I was going to come in here and say what jrbeauty76 just said.  Girl get out of that Mac store!!!  LOL!  

  	I know MAC was what I used when I was first getting into foundations and it seems to be the measure to which everyone figures out their skintone, but I would agree on just trying different foundations till you find one that's good for you.  I haven't used a Mac foundation in years, they are soooo just... ugh, especially when there are TONS of others to try.

  	Don't be afraid to ask for samples (are you near a Sephora or Ulta??) of a few different shades of a brand until you find something that looks good on you.  Wear it the entire day and see how it does giving you what you want.  Matte/dewy finish.  Light/medium/full coverage, etc.   I also agree with the pink undertones, so you're a cool lady.  Look for foundations that look a little peachy and cool as opposed to those with yellow/warm undertones.  And drugstore foundations are MORE than ok to try out as well. Not sure if you're in the US or UK, I know in the UK folks don't usually return makeup, but here, we can and I DO.  If it's not working for me back to the store it goes.  I know it's difficult for them to have samples out in a drugstore, so they have to expect that if someone buys a foundation that's not the right shade because they had to guess, then they should also know that returns can and will happen. I have a mix of foundations from Sephora, the drugstore and online.  I don't discriminate and use different ones on different days.  

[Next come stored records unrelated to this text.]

(* A signed bigraph $\widehat{G}$ is not chordal if and only if it contains a non-trivial induced subgraph which has no signed simplicial edge.
   Context: A signed graph is a finite simple graph each of whose edges is assigned a sign, positive or negative. A signed bigraph is a signed graph whose underlying graph is bipartite. An induced subgraph is obtained by deleting vertices only; it is non-trivial if it has at least one edge. A signed graph is positive if all its edges are positive. In a bigraph with bipartition $(X,Y)$, a subgraph $H$ is a biclique if every vertex of $V(H)\cap X$ is adjacent to every vertex of $V(H)\cap Y$. For an edge $uv$, $N(uv)=(N(u)\cup N(v))\setminus\{u,v\}$; $uv$ is signed simplicial (in the signed bigraph under consideration) if $N(uv)$ induces a positive biclique. A signed bigraph $\widehat G$ is chordal if its edges can be ordered $e_1,\dots,e_m$ so that each $e_i$ is signed simplicial in $\widehat G-\{e_1,\dots,e_{i-1}\}$ (edges deleted, vertices kept). *)

From mathcomp Require Import all_boot.
Set Implicit Arguments. Unset Strict Implicit. Unset Printing Implicit Defensive.

(* A signed graph on a finite vertex type T is given by a symmetric,
   irreflexive adjacency relation [a] and a sign relation [s]
   (s x y = true means the edge xy is positive, false negative; only
   its values on edges matter).  Subgraphs are described by a vertex
   set [V : {set T}] (edges of the subgraph induced on V are the
   edges of [a] with both ends in V).  A bipartition is given by
   [X : {set T}] (with Y = complement of X). *)

Section SignedBigraph.
Variable T : finType.

Definition edgeV (V : {set T}) (a : rel T) (x y : T) : bool :=
  [&& x \in V, y \in V & a x y].

Definition Nedge (V : {set T}) (a : rel T) (u v : T) : {set T} :=
  [set w in V | [&& w != u, w != v & edgeV V a u w || edgeV V a v w]].

Definition positive_biclique (a s : rel T) (X S : {set T}) : Prop :=
  (forall x y, x \in S -> y \in S -> a x y -> s x y) /\
  (forall x y, x \in S -> y \in S -> x \in X -> y \notin X -> a x y).

Definition signed_simplicial (V : {set T}) (a s : rel T) (X : {set T}) (u v : T) : Prop :=
  edgeV V a u v /\ positive_biclique a s X (Nedge V a u v).

Definition del_edges (a : rel T) (es : seq (T * T)) : rel T :=
  fun x y => a x y && ~~ has (fun p => (p == (x, y)) || (p == (y, x))) es.

Definition edge_ordering (a : rel T) (es : seq (T * T)) : Prop :=
  (forall p, p \in es -> a p.1 p.2) /\
  (forall x y, a x y -> count (fun p => (p == (x, y)) || (p == (y, x))) es = 1).

Definition chordal (a s : rel T) (X : {set T}) : Prop :=
  exists es : seq (T * T), edge_ordering a es /\
    forall (es1 : seq (T * T)) (p : T * T) (es2 : seq (T * T)),
      es = es1 ++ p :: es2 ->
      signed_simplicial [set: T] (del_edges a es1) s X p.1 p.2.

Definition nontrivial (a : rel T) (W : {set T}) : Prop :=
  exists x y, edgeV W a x y.

End SignedBigraph.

  	I's also suggest trying one of the BB creams to start.  AND I'd recommend this website:

http://findation.com/

  	If you've used foundations in the past that were a good GOOD match, add them to your findation "profile" and it will show you other foundations from different companies that other people who have used what you use, have found to be a good match.  The site isn't always 100%, the more you add, the better it will be at matching you, but at least you can get a general guideline.  

  	HTH!


----------



## bitesizedberna (Jul 30, 2013)

If you're ever in NYC or SF, stop by the Sephora store (SF one is in Union Square by the cable car). They have this foundation color testing device that they put against your skin and from what the Sephora employee explained to me, this device magnifies your skintone and captures the layers of colors. This allows it to find the near perfect shade for the foundations they have in store. I tried it and it gave me the 6.0 shade from the urban naked foundation which i thought was really dark for me. I tried it on and it was pretty much my skintone, it just evened it out and gave my skin a healthy glow  you can also just use the shades they give you for reference if you use foundation from other places.


----------



## shellygrrl (Jul 31, 2013)

What I'm wondering is which MAC foundation they matched you to, OP? (I know it's been four years since you've posted this thread, but if you're still here, and you can remember, I would love to know.) Not all NW15s, NC15s, or NW20s are created equal.


----------



## martiangurll (Aug 2, 2013)

Hi Sweetie.  I have similar issues with tones.  We can only guess from a picture on a monitor, so I agree the best thing to do is go in and get some samples.  Try NARS Siberia.  Best foundation I have found that is a match, covers the pink without being too yellow.  Good luck!


----------



## Ellenmd (Aug 24, 2013)

Sephora has a new toy where they take 3 pictures of your skin and neck and assign you a number based on how dark your skin is, there are 12 levels, and how much yellow is in your skin.  They may not get the depth correct, but they get you in the ballpark and you can go darker or lighter from there.  Its all explained on their website, but its worth a trip to the store to see what they come up with.  You then use that number to guide you to foundations sold by Sephora that should be an exact match.  Since I have fair, cool skin and have always had a hard time finding foundation, it was no surprise that my choices were limited.  Especially because I wanted a liquid formula appropriate for dry skin.  There were several recommendations only available online.  In the store, all they had were two from Clinique.  After all these years, back to Clinique!  But it does seem to match.  Once you know your number, you can play around on the website with recommendations for one number fatker and lighter than you, and you will have a good guide to which lines and which shades ate best for you.  Then you can shop with some confidence.  You can't just go to a counter, even MAC's, and expect to be matched perfectly!  They will try to sell you something, but you know when its right!  I love Bobbi Brown products, but I can't wear the foundations!  Sephora's system showed me I could wear BB's tinted moisturizer in extra light.  I checked in the store and it was right!  So give it a try.  Once you get your correct number, you can check the recommendations for that one, and one darker and one lighter, and you will definitely find a good match.  I had tried Lancome several times, but the machine recommended one shade I had liked but the consultant didn't, and one that was never recommended.  I had liked the formulation, now I can find the right color.  Good luck.


----------